## Your assignment
Your answer should be one number: the count of lines below that contain "induction".

## Records shown
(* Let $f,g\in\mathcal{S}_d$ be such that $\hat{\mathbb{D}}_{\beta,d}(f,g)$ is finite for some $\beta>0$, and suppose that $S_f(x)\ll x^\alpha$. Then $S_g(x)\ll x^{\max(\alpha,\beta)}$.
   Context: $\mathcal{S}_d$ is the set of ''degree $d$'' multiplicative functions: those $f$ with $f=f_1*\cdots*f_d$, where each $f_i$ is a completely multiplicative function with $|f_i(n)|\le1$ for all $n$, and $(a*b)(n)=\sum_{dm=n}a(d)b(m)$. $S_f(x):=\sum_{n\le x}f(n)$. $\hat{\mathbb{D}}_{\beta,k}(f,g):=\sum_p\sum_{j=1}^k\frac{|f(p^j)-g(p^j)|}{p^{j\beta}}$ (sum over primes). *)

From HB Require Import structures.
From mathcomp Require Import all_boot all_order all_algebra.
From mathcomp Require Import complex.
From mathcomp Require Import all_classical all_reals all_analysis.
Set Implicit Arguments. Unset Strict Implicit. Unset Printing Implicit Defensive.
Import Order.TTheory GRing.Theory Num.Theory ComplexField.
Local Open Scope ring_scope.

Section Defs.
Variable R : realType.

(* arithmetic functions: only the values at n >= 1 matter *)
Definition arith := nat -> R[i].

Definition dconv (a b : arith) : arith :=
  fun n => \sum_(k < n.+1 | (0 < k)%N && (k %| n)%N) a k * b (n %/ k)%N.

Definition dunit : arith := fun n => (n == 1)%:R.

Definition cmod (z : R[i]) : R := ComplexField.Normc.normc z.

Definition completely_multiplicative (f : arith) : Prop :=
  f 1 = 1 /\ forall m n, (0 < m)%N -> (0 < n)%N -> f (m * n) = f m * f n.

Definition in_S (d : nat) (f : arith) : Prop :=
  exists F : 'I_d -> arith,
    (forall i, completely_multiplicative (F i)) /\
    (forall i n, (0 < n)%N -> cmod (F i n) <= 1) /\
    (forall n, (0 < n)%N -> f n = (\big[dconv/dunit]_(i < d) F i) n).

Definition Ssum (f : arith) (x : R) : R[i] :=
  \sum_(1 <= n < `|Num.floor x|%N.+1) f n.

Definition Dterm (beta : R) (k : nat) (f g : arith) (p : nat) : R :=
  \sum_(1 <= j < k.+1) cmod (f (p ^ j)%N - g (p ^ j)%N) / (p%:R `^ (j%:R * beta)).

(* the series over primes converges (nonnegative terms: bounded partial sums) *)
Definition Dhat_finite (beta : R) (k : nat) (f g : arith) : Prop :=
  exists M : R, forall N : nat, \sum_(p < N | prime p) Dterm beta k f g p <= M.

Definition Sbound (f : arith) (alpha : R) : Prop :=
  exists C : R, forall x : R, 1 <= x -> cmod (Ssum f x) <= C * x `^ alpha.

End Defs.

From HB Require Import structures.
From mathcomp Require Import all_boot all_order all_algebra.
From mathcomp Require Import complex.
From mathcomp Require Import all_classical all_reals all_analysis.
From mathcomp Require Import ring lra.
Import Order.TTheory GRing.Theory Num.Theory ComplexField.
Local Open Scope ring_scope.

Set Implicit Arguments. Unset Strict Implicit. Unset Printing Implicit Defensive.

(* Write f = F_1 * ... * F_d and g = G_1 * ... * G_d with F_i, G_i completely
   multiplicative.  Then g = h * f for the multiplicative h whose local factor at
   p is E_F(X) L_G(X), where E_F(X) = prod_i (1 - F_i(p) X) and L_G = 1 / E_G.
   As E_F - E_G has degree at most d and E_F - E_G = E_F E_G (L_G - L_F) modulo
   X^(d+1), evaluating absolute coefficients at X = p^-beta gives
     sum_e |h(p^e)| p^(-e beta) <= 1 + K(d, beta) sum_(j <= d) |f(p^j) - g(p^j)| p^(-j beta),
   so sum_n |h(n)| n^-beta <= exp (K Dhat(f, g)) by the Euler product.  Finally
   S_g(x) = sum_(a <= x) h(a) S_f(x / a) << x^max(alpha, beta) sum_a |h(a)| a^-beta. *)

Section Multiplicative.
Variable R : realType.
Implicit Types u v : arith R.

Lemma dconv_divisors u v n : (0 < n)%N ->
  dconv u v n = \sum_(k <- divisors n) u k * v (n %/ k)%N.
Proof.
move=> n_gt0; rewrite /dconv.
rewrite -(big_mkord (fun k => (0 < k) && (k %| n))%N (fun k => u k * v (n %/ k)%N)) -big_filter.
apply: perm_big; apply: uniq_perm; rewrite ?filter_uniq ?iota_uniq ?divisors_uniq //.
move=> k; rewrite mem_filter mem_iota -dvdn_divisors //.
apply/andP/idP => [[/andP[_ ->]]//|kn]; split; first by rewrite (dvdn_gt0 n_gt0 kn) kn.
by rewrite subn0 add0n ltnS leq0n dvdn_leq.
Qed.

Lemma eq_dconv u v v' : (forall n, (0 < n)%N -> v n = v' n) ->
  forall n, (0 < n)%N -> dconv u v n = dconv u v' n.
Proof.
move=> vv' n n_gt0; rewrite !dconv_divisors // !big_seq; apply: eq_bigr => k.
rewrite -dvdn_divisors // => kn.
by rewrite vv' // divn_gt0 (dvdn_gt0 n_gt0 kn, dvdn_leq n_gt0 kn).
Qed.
--
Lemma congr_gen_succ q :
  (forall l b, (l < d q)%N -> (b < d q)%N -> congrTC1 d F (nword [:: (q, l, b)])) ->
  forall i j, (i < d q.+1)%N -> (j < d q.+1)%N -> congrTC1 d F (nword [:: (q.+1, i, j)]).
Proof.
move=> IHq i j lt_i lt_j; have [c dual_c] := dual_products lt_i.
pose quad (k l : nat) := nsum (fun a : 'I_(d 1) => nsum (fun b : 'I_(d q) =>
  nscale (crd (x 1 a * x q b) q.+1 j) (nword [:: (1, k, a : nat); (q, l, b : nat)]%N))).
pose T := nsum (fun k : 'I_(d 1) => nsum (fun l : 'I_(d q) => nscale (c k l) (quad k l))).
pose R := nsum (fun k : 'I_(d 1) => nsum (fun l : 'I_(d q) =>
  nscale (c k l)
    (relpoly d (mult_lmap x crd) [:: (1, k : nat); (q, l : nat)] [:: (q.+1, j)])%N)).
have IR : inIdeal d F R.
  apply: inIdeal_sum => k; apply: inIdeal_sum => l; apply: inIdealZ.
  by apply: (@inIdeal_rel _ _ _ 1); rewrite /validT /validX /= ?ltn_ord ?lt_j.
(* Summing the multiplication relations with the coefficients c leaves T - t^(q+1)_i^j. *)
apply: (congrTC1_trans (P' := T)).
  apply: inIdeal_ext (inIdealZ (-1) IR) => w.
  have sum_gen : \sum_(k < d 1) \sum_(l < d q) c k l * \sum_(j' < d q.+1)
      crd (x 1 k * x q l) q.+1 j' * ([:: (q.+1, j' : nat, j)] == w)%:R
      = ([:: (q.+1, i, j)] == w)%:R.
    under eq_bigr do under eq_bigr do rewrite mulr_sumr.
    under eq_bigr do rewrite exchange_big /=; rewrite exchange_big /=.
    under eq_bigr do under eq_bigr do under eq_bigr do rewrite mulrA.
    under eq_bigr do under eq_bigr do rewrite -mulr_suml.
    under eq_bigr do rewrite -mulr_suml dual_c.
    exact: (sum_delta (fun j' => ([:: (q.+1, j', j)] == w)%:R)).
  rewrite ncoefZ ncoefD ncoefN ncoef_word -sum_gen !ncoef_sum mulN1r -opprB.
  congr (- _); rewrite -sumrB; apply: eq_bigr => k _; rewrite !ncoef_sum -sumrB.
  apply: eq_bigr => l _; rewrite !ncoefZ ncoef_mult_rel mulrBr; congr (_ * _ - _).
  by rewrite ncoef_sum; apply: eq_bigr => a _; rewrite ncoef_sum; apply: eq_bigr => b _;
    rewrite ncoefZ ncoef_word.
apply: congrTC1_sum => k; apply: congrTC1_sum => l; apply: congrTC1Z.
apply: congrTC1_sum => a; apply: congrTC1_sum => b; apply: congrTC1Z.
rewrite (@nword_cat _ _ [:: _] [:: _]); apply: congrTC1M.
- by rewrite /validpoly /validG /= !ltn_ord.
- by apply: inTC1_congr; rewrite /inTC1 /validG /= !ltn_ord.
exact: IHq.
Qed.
==
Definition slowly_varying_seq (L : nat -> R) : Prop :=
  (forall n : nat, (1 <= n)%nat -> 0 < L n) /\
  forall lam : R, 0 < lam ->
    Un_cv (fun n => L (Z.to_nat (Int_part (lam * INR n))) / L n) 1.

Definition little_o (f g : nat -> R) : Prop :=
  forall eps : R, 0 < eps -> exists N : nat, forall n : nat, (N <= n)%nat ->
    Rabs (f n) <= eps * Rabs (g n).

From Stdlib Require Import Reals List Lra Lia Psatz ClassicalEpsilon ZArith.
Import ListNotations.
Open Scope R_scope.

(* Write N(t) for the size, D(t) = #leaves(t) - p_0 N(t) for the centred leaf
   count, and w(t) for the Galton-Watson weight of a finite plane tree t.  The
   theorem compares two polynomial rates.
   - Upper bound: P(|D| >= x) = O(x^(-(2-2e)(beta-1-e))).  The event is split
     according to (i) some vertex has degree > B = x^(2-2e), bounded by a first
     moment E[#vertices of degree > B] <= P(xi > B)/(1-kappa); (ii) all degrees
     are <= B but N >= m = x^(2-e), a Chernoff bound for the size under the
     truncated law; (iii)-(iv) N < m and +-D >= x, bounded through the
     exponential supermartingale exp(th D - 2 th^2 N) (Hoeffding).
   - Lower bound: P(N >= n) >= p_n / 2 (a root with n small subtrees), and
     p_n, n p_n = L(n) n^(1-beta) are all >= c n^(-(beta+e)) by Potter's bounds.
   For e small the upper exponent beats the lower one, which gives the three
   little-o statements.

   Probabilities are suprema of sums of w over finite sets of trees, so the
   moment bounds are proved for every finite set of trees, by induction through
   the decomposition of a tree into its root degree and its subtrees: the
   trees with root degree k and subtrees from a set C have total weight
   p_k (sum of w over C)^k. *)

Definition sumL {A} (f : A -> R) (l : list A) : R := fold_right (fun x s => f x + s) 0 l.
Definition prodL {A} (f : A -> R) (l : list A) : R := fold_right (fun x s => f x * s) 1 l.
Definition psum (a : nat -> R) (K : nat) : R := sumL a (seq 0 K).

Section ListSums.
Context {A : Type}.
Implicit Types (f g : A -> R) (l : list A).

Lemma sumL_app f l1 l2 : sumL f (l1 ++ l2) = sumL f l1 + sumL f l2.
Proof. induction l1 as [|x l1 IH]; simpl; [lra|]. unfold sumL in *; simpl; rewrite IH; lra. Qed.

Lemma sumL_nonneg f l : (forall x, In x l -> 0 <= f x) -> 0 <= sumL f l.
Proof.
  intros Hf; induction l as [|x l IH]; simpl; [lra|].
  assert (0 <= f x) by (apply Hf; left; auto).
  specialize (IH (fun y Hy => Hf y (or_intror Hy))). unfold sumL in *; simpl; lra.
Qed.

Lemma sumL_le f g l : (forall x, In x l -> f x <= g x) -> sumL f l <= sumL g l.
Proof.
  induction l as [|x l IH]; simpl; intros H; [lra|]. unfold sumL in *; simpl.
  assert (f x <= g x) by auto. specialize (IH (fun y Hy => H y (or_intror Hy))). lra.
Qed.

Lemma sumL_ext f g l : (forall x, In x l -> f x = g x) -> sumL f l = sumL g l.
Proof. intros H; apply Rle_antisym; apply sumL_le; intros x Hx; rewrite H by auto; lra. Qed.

## Exercise answer
4